Created attachment 301447 [details] dmesg output at time of error I have a router with multiple Intel I225-V ethernet controllers. eth0, 1, 2 are bridged (br-lan). After powering down a computer connected through eth0, errors started showing up in dmesg (see attachment) and packet loss increased.

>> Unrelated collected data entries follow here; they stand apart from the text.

Lemma bulk_rate_le1 x y i : bulk_rate x y i <= if y == swap x i i.+1 then 1 else 0.
Proof. by rewrite /bulk_rate; case: (_ != _); case: (_ == _). Qed.

Lemma bulk_rate_ge0 x y i : 0 <= bulk_rate x y i.
Proof. by rewrite /bulk_rate; case: ifP. Qed.

Lemma rate_ge0 x y : 0 <= rate x y.
Proof.
rewrite rateE !addr_ge0 ?if_ge0 ?expR_ge0 //.
by apply: sumr_ge0 => i _; apply: bulk_rate_ge0.
Qed.

Lemma rate_swap_ge1 x i : (i < n.+1)%N -> occ x i != occ x i.+1 ->
  1 <= rate x (swap x i i.+1).
Proof.
move=> hi ne; rewrite rateE -addrA.
apply: le_trans (_ : \sum_(j < n.+1) bulk_rate x (swap x i i.+1) j <= _).
  rewrite (bigD1 (Ordinal hi)) //= {1}/bulk_rate ne eqxx lerDl.
  by apply: sumr_ge0 => j _; apply: bulk_rate_ge0.
by rewrite lerDl addr_ge0 ?if_ge0 ?expR_ge0.
Qed.

Lemma rate_flip0_ge x : bdry_rate (beta * muL) (occ x 0) <= rate x (flip x 0).
Proof.
rewrite rateE eqxx -addrA [_ + (_ + _)]addrC -addrA lerDl.
by rewrite addr_ge0 ?if_ge0 ?expR_ge0 ?sumr_ge0 // => i _; apply: bulk_rate_ge0.
Qed.

Lemma rate_flipN_ge x : bdry_rate (beta * muR) (occ x n.+1) <= rate x (flip x n.+1).
Proof.
rewrite rateE eqxx addrC lerDl.
by rewrite addr_ge0 ?if_ge0 ?expR_ge0 ?sumr_ge0 // => i _; apply: bulk_rate_ge0.
Qed.

Lemma outrate_le y : \sum_(z | z != y) rate y z <=
  n.+1%:R + bdry_rate (beta * muL) (occ y 0) + bdry_rate (beta * muR) (occ y n.+1).
Proof.
apply: le_trans (_ : \sum_z rate y z <= _).
  by rewrite [leRHS](bigD1 y) //= lerDr rate_ge0.
under eq_bigr do rewrite rateE.
rewrite !big_split /= !sum_if_eq !lerD2r exchange_big /=.
apply: le_trans (_ : \sum_(i < n.+1) (1 : R) <= _); last by rewrite sumr_const card_ord.
apply: ler_sum => i _.
apply: le_trans (_ : \sum_z (if z == swap y i i.+1 then 1 else 0) <= _).
  by apply: ler_sum => z _; apply: bulk_rate_le1.
by rewrite sum_if_eq.
Qed.

Lemma rate_into_empty0 x : occ x 0 ->
  \sum_(y | ~~ occ y 0) rate x y <= 1 + bdry_rate (beta * muL) true.
Proof.
move=> x0; apply: le_trans (_ : \sum_(y | ~~ occ y 0) ((if y == swap x 0 1 then 1 else 0)
    + (if y == flip x 0 then bdry_rate (beta * muL) true else 0)) <= _).
  apply: ler_sum => y y0; rewrite rateE x0.
  have -> : (y == flip x n.+1) = false.
    by apply: contraNF y0 => /eqP ->; rewrite occ_flip_other.
  rewrite addr0 (bigD1 ord0) //= big1 ?addr0 ?lerD ?bulk_rate_le1 // => i i0.
  rewrite /bulk_rate; case: ifP => // /andP[_ /eqP ey]; move: y0.
  have [i0' iN] : (0 < i)%N /\ (i < n.+1)%N by rewrite lt0n i0 ltn_ord.
  by rewrite ey occ_swap_other ?x0 //; try apply/eqP; lia.
apply: le_trans (ler_sum_pred _ _ _) _; last by rewrite big_split /= !sum_if_eq.
by move=> y; rewrite addr_ge0 ?if_ge0 ?expR_ge0.
Qed.
Definition op_bound (N1 N2 : shift_bound) p c :=
  forall f b, N1 f b -> N2 (shift_act p f) (c * b).

Lemma op_bound_le (N1 N2 : shift_bound) p c c' :
  op_bound N1 N2 p c -> c <= c' -> op_bound N1 N2 p c'.
Proof.
move=> h hc f b hf; apply: bounded_le (h f b hf) _.
by rewrite ler_wpM2r // (bounded_ge0 hf).
Qed.

Lemma op_boundM (N1 N2 N3 : shift_bound) p q c1 c2 :
  op_bound N2 N3 p c1 -> op_bound N1 N2 q c2 -> op_bound N1 N3 (p * q) (c1 * c2).
Proof. by move=> hp hq f b hf; rewrite shift_actM -mulrA; apply/hp/hq. Qed.

Lemma op_boundD (N1 N2 : shift_bound) p q c1 c2 :
  op_bound N1 N2 p c1 -> op_bound N1 N2 q c2 -> op_bound N1 N2 (p + q) (c1 + c2).
Proof.
move=> hp hq f b hf; rewrite mulrDl.
by apply: eq_bounded (boundedD (hp f b hf) (hq f b hf)) => j; rewrite shift_actD.
Qed.

Lemma op_boundCM (N1 N2 : shift_bound) c p k :
  op_bound N1 N2 p k -> op_bound N1 N2 (c%:P * p) (`|c| * k).
Proof.
move=> h f b hf; rewrite -mulrA.
by apply: eq_bounded (boundedZ c (h f b hf)) => j; rewrite shift_actCM.
Qed.

Lemma op_boundN (N1 N2 : shift_bound) p c :
  op_bound N1 N2 p c -> op_bound N1 N2 (- p) c.
Proof.
move=> /(op_boundCM (-1)); rewrite normrN1 mul1r.
by rewrite polyCN polyC1 mulN1r.
Qed.

Lemma op_bound_sum (N1 N2 : shift_bound) n (F : nat -> {poly R}) c :
  (forall i, (i < n)%N -> op_bound N1 N2 (F i) c) ->
  op_bound N1 N2 (\sum_(i < n) F i) (n%:R * c).
Proof.
elim: n => [|n IH] h.
  rewrite big_ord0 mul0r => f b hf; rewrite mul0r.
  by apply: eq_bounded (bounded0 N2) => j; rewrite shift_act0.
rewrite big_ord_recr /= -addn1 natrD mulrDl mul1r; apply: op_boundD.
  by apply: IH => i hi; apply: h; rewrite ltnS ltnW.
exact: h.
Qed.

Lemma op_boundXn N n : op_bound N N 'X^n 1.
Proof.
move=> f b hf; rewrite mul1r.
by apply: eq_bounded (bounded_translate n%:Z hf) => j; rewrite shift_actXn.
Qed.

Lemma op_bound1 N : op_bound N N 1 1.
Proof. by rewrite -(expr0 'X); apply: op_boundXn. Qed.

Lemma op_bound_exp N p c n : op_bound N N p c -> op_bound N N (p ^+ n) (c ^+ n).
Proof.
move=> h; elim: n => [|n IH]; first by rewrite !expr0; apply: op_bound1.
by rewrite !exprS; apply: op_boundM h IH.
Qed.

End ShiftBounds.

Section Smoothing.
Variable R : realFieldType.
Implicit Types (p B : {poly R}) (f h : int -> R) (N : shift_bound R).

Definition diffp : {poly R} := 'X - 1.

Definition geom_sum B n := \sum_(i < n) (1 - B) ^+ i.

Lemma geom_sum_split B n : 1 = (1 - B) ^+ n + B * geom_sum B n.
Proof.
have := subrX1 (1 - B) n; rewrite /geom_sum addrAC subrr add0r mulNr => h.
by rewrite -[B * _]opprK -h opprB addrC subrK.
Qed.

Lemma op_bound_diff N : op_bound N N diffp 2.
Proof.
have := op_boundD (op_boundXn (N:=N) 1) (op_boundN (op_bound1 (N:=N))).
by rewrite expr1.
Qed.

Lemma op_bound_geom_sum N B n :
  op_bound N N (1 - B) 2 -> op_bound N N (geom_sum B n) (n%:R * 2 ^+ n).
Proof.
move=> h; rewrite /geom_sum.
apply: (op_bound_sum (F := fun i => (1 - B) ^+ i)) => i hi.
apply: op_bound_le (op_bound_exp i h) _.
by rewrite ler_weXn2l // ?ler1n // ltnW.
Qed.

Lemma bounded_split N1 N1' N2 p B n k r h A D c1 c2 :
  p * (1 - B) ^+ n = r * diffp ^+ k ->
  op_bound N1 N2 r c1 -> op_bound N1' N2 (p * (B * geom_sum B n)) c2 ->
  N1 (shift_act (diffp ^+ k) h) A -> N1' h D ->
  N2 (shift_act p h) (c1 * A + c2 * D).
Proof.
move=> e hr hB hA hD.
apply: eq_bounded (boundedD (hr _ _ hA) (hB _ _ hD)) => j.
by rewrite -shift_actM -e -shift_actD -mulrDr -geom_sum_split mulr1.
Qed.

Lemma bounded_le_mul N f x y K u v :
  N f (x + y) -> x <= K * u -> y <= K * v -> N f (K * (u + v)).
Proof. by move=> h hx hy; apply: bounded_le h _; rewrite mulrDr lerD. Qed.

Variables (s : nat) (s_gt0 : (0 < s)%N).

Definition meanp : {poly R} := (s%:R^-1)%:P * \sum_(i < s) 'X^i.
Definition meanq : {poly R} := (s%:R^-1)%:P * \sum_(i < s) \sum_(r < i) 'X^r.

Let s_neq0 : (s%:R : R) != 0. Proof. by rewrite pnatr_eq0 -lt0n. Qed.
Let norm_invs : `|(s%:R : R)^-1| = s%:R^-1.
Proof. by rewrite ger0_norm // invr_ge0 ler0n. Qed.

Lemma diff_meanq : diffp * meanq = meanp - 1.
Proof.
rewrite /diffp /meanq mulrCA mulr_sumr.
under eq_bigr do rewrite -subrX1.
rewrite sumrB mulrBr -/meanp sumr_const card_ord.
by rewrite -polyC_natr -polyCM mulVf // polyC1.
Qed.

Lemma one_sub_mean : 1 - meanp = - meanq * diffp.
Proof. by rewrite mulNr mulrC diff_meanq opprB. Qed.

Lemma one_sub_mean2 : 1 - meanp * meanp = - meanq * (1 + meanp) * diffp.
Proof.
have -> : 1 - meanp * meanp = (1 - meanp) * (1 + meanp) by ring.
by rewrite one_sub_mean; ring.
Qed.

Lemma diff_mean : diffp * meanp = (s%:R^-1)%:P * ('X^s - 1).
Proof. by rewrite /diffp /meanp mulrCA subrX1. Qed.

Lemma op_bound_mean N : op_bound N N meanp 1.
Proof.
apply: op_bound_le (op_boundCM _ (op_bound_sum (fun i _ => op_boundXn (N:=N) i))) _.
by rewrite norm_invs mulr1 mulVf.
Qed.

Lemma op_bound_meanq N : op_bound N N meanq s%:R.
Proof.
have h : op_bound N N (\sum_(i < s) \sum_(r < i) 'X^r) (s%:R * s%:R).
  apply: (op_bound_sum (F := fun i : nat => \sum_(r < i) 'X^r)) => i hi.
  apply: op_bound_le (op_bound_sum (fun r _ => op_boundXn (N:=N) r)) _.
  by rewrite mulr1 ler_nat ltnW.
by apply: op_bound_le (op_boundCM _ h) _; rewrite norm_invs mulrA mulVf ?mul1r.
Qed.

Lemma op_bound_diff_mean N : op_bound N N (diffp * meanp) (s%:R^-1 * 2).
Proof.
rewrite diff_mean.
have h := op_boundD (op_boundXn (N:=N) s) (op_boundN (op_bound1 (N:=N))).
by apply: op_bound_le (op_boundCM _ h) _; rewrite norm_invs.
Qed.

Lemma mean_l1_sup : op_bound (l1_bound R) (sup_bound R) meanp s%:R^-1.
Proof.
move=> f b hf j /=; rewrite /meanp shift_actCM shift_act_sum normrM norm_invs.
rewrite ler_wpM2l ?invr_ge0 ?ler0n //; apply: le_trans (ler_norm_sum _ _ _) _.
by under eq_bigr do rewrite shift_actXn; apply: hf.
Qed.

Lemma meanq_l1_sup : op_bound (l1_bound R) (sup_bound R) meanq 1.
Proof.
move=> f b hf j /=; rewrite /meanq shift_actCM shift_act_sum normrM norm_invs.
apply: le_trans (_ : s%:R^-1 * \sum_(i < s) b <= _).
  rewrite ler_wpM2l ?invr_ge0 ?ler0n //.
  apply: le_trans (ler_norm_sum _ _ _) _; apply: ler_sum => i _.
  rewrite shift_act_sum; apply: le_trans (ler_norm_sum _ _ _) _.
  by under eq_bigr do rewrite shift_actXn; apply: hf.
by rewrite sumr_const card_ord -[b *+ s]mulr_natl mulrA mulVf ?mul1r.
Qed.

End Smoothing.

Arguments diffp {R}.
Arguments meanp {R} s.
Arguments meanq {R} s.

Section SmoothingEstimates.
Variable R : realFieldType.
Implicit Types (f g h : int -> R) (N : shift_bound R).

(* A common bound for the constants in the four estimates below. *)
Definition smoothing_const k : R := k.+1%:R * 2 ^+ k.+2.

Lemma smoothing_const_ge k :
  [/\ 2 <= smoothing_const k, 2 ^+ k.+1 <= smoothing_const k,
      k.+1%:R * 2 ^+ k.+1 <= smoothing_const k,
      2 * (k.+1%:R * 2 ^+ k.+1) <= smoothing_const k &
      2 * (k%:R * 2 ^+ k) <= smoothing_const k].
Proof.
have e : smoothing_const k = 2 * (k.+1%:R * 2 ^+ k.+1).
  by rewrite /smoothing_const exprS; ring.
have h1 : (1 : R) <= k.+1%:R by rewrite ler1n.
have h2 : (2 : R) <= 2 ^+ k.+1 by rewrite exprS ler_peMr // exprn_ege1 // ler1n.
have h3 : (k%:R * 2 ^+ k : R) <= k.+1%:R * 2 ^+ k.+1.
  apply: ler_pM; rewrite ?ler0n ?exprn_ge0 ?ler_nat //.
  by apply: ler_weXn2l; rewrite ?ler1n.
rewrite e; split; nra.
Qed.

Lemma smoothing_const_ge1 k : 1 <= smoothing_const k.
Proof.
by have [+ _ _ _ _] := smoothing_const_ge k; apply: le_trans; rewrite ler1n.
Qed.

Lemma le_mul_const (x c K u : R) : x = c * u -> 0 <= u -> c <= K -> x <= K * u.
Proof. by move=> -> u0 cK; rewrite ler_wpM2r. Qed.

Variables (s : nat) (s_gt0 : (0 < s)%N).
(* Given any multiple-unicast network coding problem $\mathcal{I}$ with source-destination pairs $\{ (s_i, t_i), i=1,...,k \}$, the corresponding single-source single-terminal network error correction problem $\mathcal{I}_c=(\mathcal{G},s,t,\mathcal{A})$ constructed as described below, in which $\mathcal{A}$ includes sets with at most a single edge, satisfies: rate $k$ is feasible in $\mathcal{I}_c$ if and only if unit rate is feasible in $\mathcal{I}$.
   Context: A multiple-unicast network coding problem $\mathcal{I}$ is defined on a directed network $\mathcal{N}$ of noiseless point-to-point edges (edge $e$ carries $c_e$ bits per transmission), with $k$ source-destination pairs $(s_i,t_i)$; each source $s_i$ has an independent message uniform over $[2^{nR}]$ (common rate $R$ for all sources), edges apply encoding functions of their tail node's inputs, and terminal $t_i$ decodes the message of $s_i$. Rate $R$ is feasible in $\mathcal{I}$ if for every $\epsilon>0$ there is a code (of some length $n$) under which all terminals decode correctly simultaneously with probability at least $1-\epsilon$ over the uniform messages. The single-source single-terminal network error correction problem $\mathcal{I}_c=(\mathcal{G},s,t,\mathcal{A})$ is built from $\mathcal{I}$ by embedding $\mathcal{N}$ into a larger network $\mathcal{G}$ with a new source $s$ and new terminal $t$, and $k$ parallel branches: for each $i=1,\dots,k$ there are nodes $A_i$, $B_i$ and unit-capacity edges $a_i=(s,A_i)$, $x_i=(A_i,B_i)$, $y_i=(A_i,B_i)$, $z_i=(A_i,s_i)$, $z'_i=(t_i,B_i)$, $b_i=(B_i,t)$. All edges outside $\mathcal{N}$ have unit capacity. The adversary may corrupt (xor an arbitrary error signal onto) at most one edge, which may be any edge of $\mathcal{G}$ except $a_1,\dots,a_k,b_1,\dots,b_k$; i.e., $\mathcal{A}$ consists of all singleton sets $\{e\}$ with $e\notin\{a_i,b_i: 1\le i\le k\}$. The source message $M$ of rate $R$ is uniform over $[2^{nR}]$; a code satisfies $\mathcal{I}_c$ under message $m$ if $t$ decodes $m$ correctly under every error pattern allowed by $\mathcal{A}$, and it satisfies $\mathcal{I}_c$ with error probability $\epsilon$ if the probability (over $M$) that it satisfies $\mathcal{I}_c$ is at least $1-\epsilon$. Rate $R$ is feasible in $\mathcal{I}_c$ if for every $\epsilon>0$ such a code with error probability at most $\epsilon$ exists. *)

From HB Require Import structures.
From mathcomp Require Import all_boot all_order all_algebra.
Set Implicit Arguments. Unset Strict Implicit. Unset Printing Implicit Defensive.
Import Order.TTheory GRing.Theory Num.Theory.

(* Edge e carries cap e bits per transmission, i.e. n * cap e bits in  *)
(* a code of length n.                                                  *)
Record net := Net {
  node : finType;
  edge : finType;
  tail : edge -> node;
  head : edge -> node;
  cap  : edge -> nat }.

Definition acyclic (N : net) : Prop :=
  exists rank : node N -> nat, forall e, (rank (tail e) < rank (head e))%N.

Definition word (n c : nat) := {ffun 'I_(n * c) -> bool}.
Definition zero_word (n c : nat) : word n c := [ffun=> false].
Definition xorw (n c : nat) (u v : word n c) : word n c := [ffun j => addb (u j) (v j)].

Definition assign (N : net) (n : nat) := {dffun forall e : edge N, word n (cap e)}.

Definition agree_in (N : net) (n : nat) (v : node N) (x y : assign N n) : Prop :=
  forall e : edge N, head e = v -> x e = y e.

Record mu_problem := MuProblem {
  mu_net : net;
  mu_k : nat;
  mu_src : 'I_mu_k -> node mu_net;
  mu_dst : 'I_mu_k -> node mu_net }.
Arguments mu_src : clear implicits.
Arguments mu_dst : clear implicits.

Definition mu_msgs (P : mu_problem) (n R : nat) := {ffun 'I_(mu_k P) -> 'I_(2 ^ (n * R))}.

Record mu_code (P : mu_problem) (n R : nat) := MuCode {
  mu_enc : forall e : edge (mu_net P),
             assign (mu_net P) n -> mu_msgs P n R -> word n (cap e);
  mu_dec : 'I_(mu_k P) -> assign (mu_net P) n -> mu_msgs P n R -> 'I_(2 ^ (n * R)) }.

(* edge functions depend only on the inputs of the tail node (incoming edges
   and messages of the sources located at that node); decoders depend only on
   the inputs of the terminal node. *)
Definition mu_local (P : mu_problem) (n R : nat) (C : mu_code P n R) : Prop :=
  (forall (e : edge (mu_net P)) (x y : assign (mu_net P) n) (m m' : mu_msgs P n R),
      agree_in (tail e) x y ->
      (forall i, mu_src P i = tail e -> m i = m' i) ->
      mu_enc C e x m = mu_enc C e y m') /\
  (forall (i : 'I_(mu_k P)) (x y : assign (mu_net P) n) (m m' : mu_msgs P n R),
      agree_in (mu_dst P i) x y ->
      (forall j, mu_src P j = mu_dst P i -> m j = m' j) ->
      mu_dec C i x m = mu_dec C i y m').

Definition mu_consistent (P : mu_problem) (n R : nat) (C : mu_code P n R)
    (m : mu_msgs P n R) (x : assign (mu_net P) n) : bool :=
  [forall e, x e == mu_enc C e x m].

Definition mu_success (P : mu_problem) (n R : nat) (C : mu_code P n R)
    (m : mu_msgs P n R) : bool :=
  [forall x, mu_consistent C m x ==> [forall i, mu_dec C i x m == m i]].

Definition mu_feasible (P : mu_problem) (R : nat) : Prop :=
  forall eps : rat, (0 < eps)%R ->
  exists n : nat, (0 < n)%N /\
  exists C : mu_code P n R, mu_local C /\
    (1 - eps <= #|[set m : mu_msgs P n R | mu_success C m]|%:R
                / #|{: mu_msgs P n R}|%:R)%R.

Record ec_problem := EcProblem {
  ec_net : net;
  ec_s : node ec_net;
  ec_t : node ec_net;
  ec_adv : {set {set edge ec_net}} }.
Arguments ec_s : clear implicits.
Arguments ec_t : clear implicits.
Arguments ec_adv : clear implicits.

Definition ec_msg (n R : nat) := 'I_(2 ^ (n * R)).

Record ec_code (P : ec_problem) (n R : nat) := EcCode {
  ec_enc : forall e : edge (ec_net P), assign (ec_net P) n -> ec_msg n R -> word n (cap e);
  ec_dec : assign (ec_net P) n -> ec_msg n R -> ec_msg n R }.

Definition ec_local (P : ec_problem) (n R : nat) (C : ec_code P n R) : Prop :=
  (forall (e : edge (ec_net P)) (x y : assign (ec_net P) n) (m m' : ec_msg n R),
      agree_in (tail e) x y -> (tail e = ec_s P -> m = m') ->
      ec_enc C e x m = ec_enc C e y m') /\
  (forall (x y : assign (ec_net P) n) (m m' : ec_msg n R),
      agree_in (ec_t P) x y -> (ec_t P = ec_s P -> m = m') ->
      ec_dec C x m = ec_dec C y m').

Definition err_support (N : net) (n : nat) (err : assign N n) : {set edge N} :=
  [set e | err e != zero_word n (cap e)].

Definition ec_allowed (P : ec_problem) (n : nat) (err : assign (ec_net P) n) : bool :=
  (err_support err == set0) || [exists Z in ec_adv P, err_support err \subset Z].

Arguments ec_allowed : clear implicits.

Definition ec_consistent (P : ec_problem) (n R : nat) (C : ec_code P n R)
    (m : ec_msg n R) (err x : assign (ec_net P) n) : bool :=
  [forall e, x e == xorw (ec_enc C e x m) (err e)].

Definition ec_success (P : ec_problem) (n R : nat) (C : ec_code P n R)
    (m : ec_msg n R) : bool :=
  [forall err, ec_allowed P n err ==>
     [forall x, ec_consistent C m err x ==> (ec_dec C x m == m)]].

Definition ec_feasible (P : ec_problem) (R : nat) : Prop :=
  forall eps : rat, (0 < eps)%R ->
  exists n : nat, (0 < n)%N /\
  exists C : ec_code P n R, ec_local C /\
    (1 - eps <= #|[set m : ec_msg n R | ec_success C m]|%:R
                / #|{: ec_msg n R}|%:R)%R.

(* kinds of the new edges of branch i: a_i, x_i, y_i, z_i, z'_i, b_i *)
Definition ka  : 'I_6 := @Ordinal 6 0 isT.
Definition kx  : 'I_6 := @Ordinal 6 1 isT.
Definition ky  : 'I_6 := @Ordinal 6 2 isT.
Definition kz  : 'I_6 := @Ordinal 6 3 isT.
Definition kz' : 'I_6 := @Ordinal 6 4 isT.
Definition kb  : 'I_6 := @Ordinal 6 5 isT.

Section Construction.
Variable P : mu_problem.
Local Notation N := (mu_net P).
Local Notation k := (mu_k P).

(* nodes of G: nodes of N, s (inl true), t (inl false), A_i, B_i *)
Definition Gnode : finType := (node N + (bool + ('I_k + 'I_k)))%type.
Definition Gs : Gnode := inr (inl true).
Definition Gt : Gnode := inr (inl false).
Definition GA (i : 'I_k) : Gnode := inr (inr (inl i)).
Definition GB (i : 'I_k) : Gnode := inr (inr (inr i)).

Definition Gedge : finType := (edge N + ('I_6 * 'I_k))%type.

Definition Gtail (e : Gedge) : Gnode :=
  match e with
  | inl e0 => inl (tail e0)
  | inr p =>
      let j := p.1 in let i := p.2 in
      if j == ka then Gs
      else if (j == kx) || (j == ky) || (j == kz) then GA i
      else if j == kz' then inl (mu_dst P i)
      else GB i
  end.

Definition Ghead (e : Gedge) : Gnode :=
  match e with
  | inl e0 => inl (head e0)
  | inr p =>
      let j := p.1 in let i := p.2 in
      if j == ka then GA i
      else if (j == kx) || (j == ky) || (j == kz') then GB i
      else if j == kz then inl (mu_src P i)
      else Gt
  end.

Definition Gcap (e : Gedge) : nat :=
  match e with inl e0 => cap e0 | inr _ => 1 end.

Definition Gnet : net := Net Gtail Ghead Gcap.

Definition corruptible (e : Gedge) : bool :=
  match e with inl _ => true | inr p => (p.1 != ka) && (p.1 != kb) end.

Definition Ic : ec_problem :=
  @EcProblem Gnet Gs Gt [set [set e] | e : Gedge & corruptible e].

End Construction.

From mathcomp Require Import all_boot all_order all_algebra.
From mathcomp Require Import zify ring lra.
Import Order.TTheory GRing.Theory Num.Theory.
Set Implicit Arguments. Unset Strict Implicit. Unset Printing Implicit Defensive.

(* If unit rate is feasible in I, s splits its message into k words and sends the i-th
   along a_i; A_i copies it onto x_i, y_i and z_i, the code for I runs on the z_i, the
   word decoded at t_i goes along z'_i, and B_i forwards x_i if x_i = y_i and z'_i
   otherwise.  An error on x_i or y_i leaves z'_i correct, and any other error leaves
   x_i = y_i correct, so every b_i is correct.

   Conversely, let C be a code for I_c.  Under a message corrected by C, t decodes
   correctly without error and after an error on any single x_i, y_i or z'_i.  Counting
   shows that for all but a (k+1)^2 fraction of the vectors w of symbols on the a-edges,
   the symbol on b_i changes neither with x_i, nor with y_i, nor with z'_i alone, so it is
   a function of w_i, and an injective one.  Two such vectors with the same symbol on z'_i
   then give the same b_i (alter x_i on one side and y_i on the other), hence have the
   same w_i.  So running the N-part of C on the messages of I, with z_i computed from the
   message of s_i, and decoding at t_i by inverting z'_i gives a code for I whose failure
   probability is at most (k+1)^2 times that of C. *)

Definition zero_assign (N : net) (n : nat) : assign N n :=
  finfun (fun e => zero_word n (cap e)).

Lemma xorw0 n c (u : word n c) : xorw u (zero_word n c) = u.
Proof. by apply/ffunP => j; rewrite !ffunE addbF. Qed.

Lemma xorwK n c (u v : word n c) : xorw u (xorw u v) = v.
Proof. by apply/ffunP => j; rewrite !ffunE addKb. Qed.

Repo for the kernel package used: https://github.com/archlinux/svntogit-packages/tree/36002ee46aa77239515447c045b2721ac5b3edd3/repos/core-x86_64 Build script (basically just checks out the source and runs prepare, build, package): https://raw.githubusercontent.com/archlinux/svntogit-packages/36002ee46aa77239515447c045b2721ac5b3edd3/repos/core-x86_64/PKGBUILD Config: https://raw.githubusercontent.com/archlinux/svntogit-packages/36002ee46aa77239515447c045b2721ac5b3edd3/repos/core-x86_64/config
Created attachment 302959 [details] dmesg lts-5.15.70 It also happened with an lts kernel: Linux version 5.15.70-1-lts (linux-lts@archlinux) (gcc (GCC) 12.2.0, GNU ld (GNU Binutils) 2.39.0) #1 SMP Fri, 23 Sep 2022 16:05:15 +0000 I will attach the dmesg output at the time again.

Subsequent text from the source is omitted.